* _The problem_: Report back each line of the records that contains the string "tilde".

* _Dataset entries_:
-.-.-
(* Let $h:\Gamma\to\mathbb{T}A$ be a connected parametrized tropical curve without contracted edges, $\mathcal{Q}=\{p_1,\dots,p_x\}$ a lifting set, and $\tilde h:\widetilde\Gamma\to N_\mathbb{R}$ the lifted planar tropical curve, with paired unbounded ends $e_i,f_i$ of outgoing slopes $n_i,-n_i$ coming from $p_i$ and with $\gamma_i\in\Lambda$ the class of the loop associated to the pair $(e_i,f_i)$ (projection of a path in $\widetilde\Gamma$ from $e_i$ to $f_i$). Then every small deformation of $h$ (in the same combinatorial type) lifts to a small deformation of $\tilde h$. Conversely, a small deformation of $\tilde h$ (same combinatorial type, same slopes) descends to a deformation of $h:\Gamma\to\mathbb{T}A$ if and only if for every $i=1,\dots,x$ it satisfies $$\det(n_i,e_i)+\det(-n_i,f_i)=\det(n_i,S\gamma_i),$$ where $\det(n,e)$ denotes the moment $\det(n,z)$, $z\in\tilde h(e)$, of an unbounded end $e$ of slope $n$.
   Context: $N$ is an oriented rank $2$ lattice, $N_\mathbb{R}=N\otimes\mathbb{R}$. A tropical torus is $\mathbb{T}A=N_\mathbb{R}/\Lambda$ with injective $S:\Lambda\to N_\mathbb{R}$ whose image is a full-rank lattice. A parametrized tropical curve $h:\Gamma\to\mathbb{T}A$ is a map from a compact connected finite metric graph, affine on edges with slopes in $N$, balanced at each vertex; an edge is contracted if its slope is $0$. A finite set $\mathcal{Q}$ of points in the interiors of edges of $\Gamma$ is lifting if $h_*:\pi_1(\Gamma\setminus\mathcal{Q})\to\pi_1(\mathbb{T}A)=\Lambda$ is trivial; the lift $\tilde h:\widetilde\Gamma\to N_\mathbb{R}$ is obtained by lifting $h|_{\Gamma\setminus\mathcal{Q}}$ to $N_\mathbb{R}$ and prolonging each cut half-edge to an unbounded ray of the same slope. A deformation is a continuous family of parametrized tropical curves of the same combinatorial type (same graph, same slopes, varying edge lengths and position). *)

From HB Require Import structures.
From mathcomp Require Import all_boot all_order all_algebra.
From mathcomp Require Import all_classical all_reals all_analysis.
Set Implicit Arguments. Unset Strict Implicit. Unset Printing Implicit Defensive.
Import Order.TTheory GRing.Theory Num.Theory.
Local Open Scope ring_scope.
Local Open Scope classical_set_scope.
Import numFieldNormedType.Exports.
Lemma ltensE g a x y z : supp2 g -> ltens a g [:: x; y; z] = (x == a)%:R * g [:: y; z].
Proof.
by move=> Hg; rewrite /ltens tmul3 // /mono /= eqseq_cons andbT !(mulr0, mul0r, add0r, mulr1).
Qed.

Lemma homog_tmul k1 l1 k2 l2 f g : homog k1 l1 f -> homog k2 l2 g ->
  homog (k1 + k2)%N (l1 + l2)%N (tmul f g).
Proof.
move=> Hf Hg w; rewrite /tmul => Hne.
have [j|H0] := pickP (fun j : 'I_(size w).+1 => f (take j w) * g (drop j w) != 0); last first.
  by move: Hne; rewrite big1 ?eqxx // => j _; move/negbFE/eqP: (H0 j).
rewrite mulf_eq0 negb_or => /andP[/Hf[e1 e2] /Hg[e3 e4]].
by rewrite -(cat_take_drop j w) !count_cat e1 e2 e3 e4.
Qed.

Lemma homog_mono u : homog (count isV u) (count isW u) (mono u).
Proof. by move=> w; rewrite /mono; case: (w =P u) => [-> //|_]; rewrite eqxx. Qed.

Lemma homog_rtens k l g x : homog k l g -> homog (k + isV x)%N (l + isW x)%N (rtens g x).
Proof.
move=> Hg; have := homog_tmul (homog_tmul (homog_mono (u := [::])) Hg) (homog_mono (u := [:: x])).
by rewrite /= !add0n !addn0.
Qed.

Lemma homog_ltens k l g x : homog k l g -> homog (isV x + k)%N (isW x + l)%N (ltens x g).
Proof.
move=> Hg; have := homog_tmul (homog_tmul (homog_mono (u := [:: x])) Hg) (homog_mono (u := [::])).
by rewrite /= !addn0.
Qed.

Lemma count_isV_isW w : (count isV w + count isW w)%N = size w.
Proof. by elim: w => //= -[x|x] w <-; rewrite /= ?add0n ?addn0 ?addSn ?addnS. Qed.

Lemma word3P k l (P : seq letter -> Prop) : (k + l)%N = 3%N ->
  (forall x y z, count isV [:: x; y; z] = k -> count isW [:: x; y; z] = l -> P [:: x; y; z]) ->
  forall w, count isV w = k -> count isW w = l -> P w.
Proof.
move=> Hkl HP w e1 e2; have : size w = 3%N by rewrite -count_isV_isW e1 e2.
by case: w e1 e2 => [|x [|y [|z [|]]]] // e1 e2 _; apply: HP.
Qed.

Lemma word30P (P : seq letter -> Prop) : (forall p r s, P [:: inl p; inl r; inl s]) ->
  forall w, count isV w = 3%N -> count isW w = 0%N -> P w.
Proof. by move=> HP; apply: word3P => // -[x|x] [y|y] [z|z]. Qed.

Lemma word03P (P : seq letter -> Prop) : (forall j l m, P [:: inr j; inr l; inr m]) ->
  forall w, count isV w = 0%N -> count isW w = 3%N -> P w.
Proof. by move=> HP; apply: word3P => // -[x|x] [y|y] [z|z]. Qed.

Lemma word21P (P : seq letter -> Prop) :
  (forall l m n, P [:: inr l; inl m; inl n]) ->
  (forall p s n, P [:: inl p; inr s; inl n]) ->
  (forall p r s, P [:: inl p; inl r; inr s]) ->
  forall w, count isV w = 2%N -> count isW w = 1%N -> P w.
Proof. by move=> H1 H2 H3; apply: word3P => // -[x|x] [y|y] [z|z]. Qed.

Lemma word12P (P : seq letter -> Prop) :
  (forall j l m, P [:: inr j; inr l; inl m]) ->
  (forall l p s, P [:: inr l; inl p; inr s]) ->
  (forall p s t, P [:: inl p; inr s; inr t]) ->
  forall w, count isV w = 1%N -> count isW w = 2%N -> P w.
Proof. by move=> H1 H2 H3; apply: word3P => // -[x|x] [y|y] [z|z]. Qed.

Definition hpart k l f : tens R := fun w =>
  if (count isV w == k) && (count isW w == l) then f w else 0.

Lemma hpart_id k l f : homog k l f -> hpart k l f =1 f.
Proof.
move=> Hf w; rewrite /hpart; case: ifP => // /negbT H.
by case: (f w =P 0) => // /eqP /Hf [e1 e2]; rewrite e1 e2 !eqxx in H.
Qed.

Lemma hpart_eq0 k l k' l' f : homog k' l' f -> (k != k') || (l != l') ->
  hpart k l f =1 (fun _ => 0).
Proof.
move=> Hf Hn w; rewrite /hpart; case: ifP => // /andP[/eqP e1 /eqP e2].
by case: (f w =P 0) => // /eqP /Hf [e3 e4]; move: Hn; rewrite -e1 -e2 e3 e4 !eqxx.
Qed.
-.-.-
* _Exercise output_:
(* Let $h:\Gamma\to\mathbb{T}A$ be a connected parametrized tropical curve without contracted edges, $\mathcal{Q}=\{p_1,\dots,p_x\}$ a lifting set, and $\tilde h:\widetilde\Gamma\to N_\mathbb{R}$ the lifted planar tropical curve, with paired unbounded ends $e_i,f_i$ of outgoing slopes $n_i,-n_i$ coming from $p_i$ and with $\gamma_i\in\Lambda$ the class of the loop associated to the pair $(e_i,f_i)$ (projection of a path in $\widetilde\Gamma$ from $e_i$ to $f_i$). Then every small deformation of $h$ (in the same combinatorial type) lifts to a small deformation of $\tilde h$. Conversely, a small deformation of $\tilde h$ (same combinatorial type, same slopes) descends to a deformation of $h:\Gamma\to\mathbb{T}A$ if and only if for every $i=1,\dots,x$ it satisfies $$\det(n_i,e_i)+\det(-n_i,f_i)=\det(n_i,S\gamma_i),$$ where $\det(n,e)$ denotes the moment $\det(n,z)$, $z\in\tilde h(e)$, of an unbounded end $e$ of slope $n$.
   Context: $N$ is an oriented rank $2$ lattice, $N_\mathbb{R}=N\otimes\mathbb{R}$. A tropical torus is $\mathbb{T}A=N_\mathbb{R}/\Lambda$ with injective $S:\Lambda\to N_\mathbb{R}$ whose image is a full-rank lattice. A parametrized tropical curve $h:\Gamma\to\mathbb{T}A$ is a map from a compact connected finite metric graph, affine on edges with slopes in $N$, balanced at each vertex; an edge is contracted if its slope is $0$. A finite set $\mathcal{Q}$ of points in the interiors of edges of $\Gamma$ is lifting if $h_*:\pi_1(\Gamma\setminus\mathcal{Q})\to\pi_1(\mathbb{T}A)=\Lambda$ is trivial; the lift $\tilde h:\widetilde\Gamma\to N_\mathbb{R}$ is obtained by lifting $h|_{\Gamma\setminus\mathcal{Q}}$ to $N_\mathbb{R}$ and prolonging each cut half-edge to an unbounded ray of the same slope. A deformation is a continuous family of parametrized tropical curves of the same combinatorial type (same graph, same slopes, varying edge lengths and position). *)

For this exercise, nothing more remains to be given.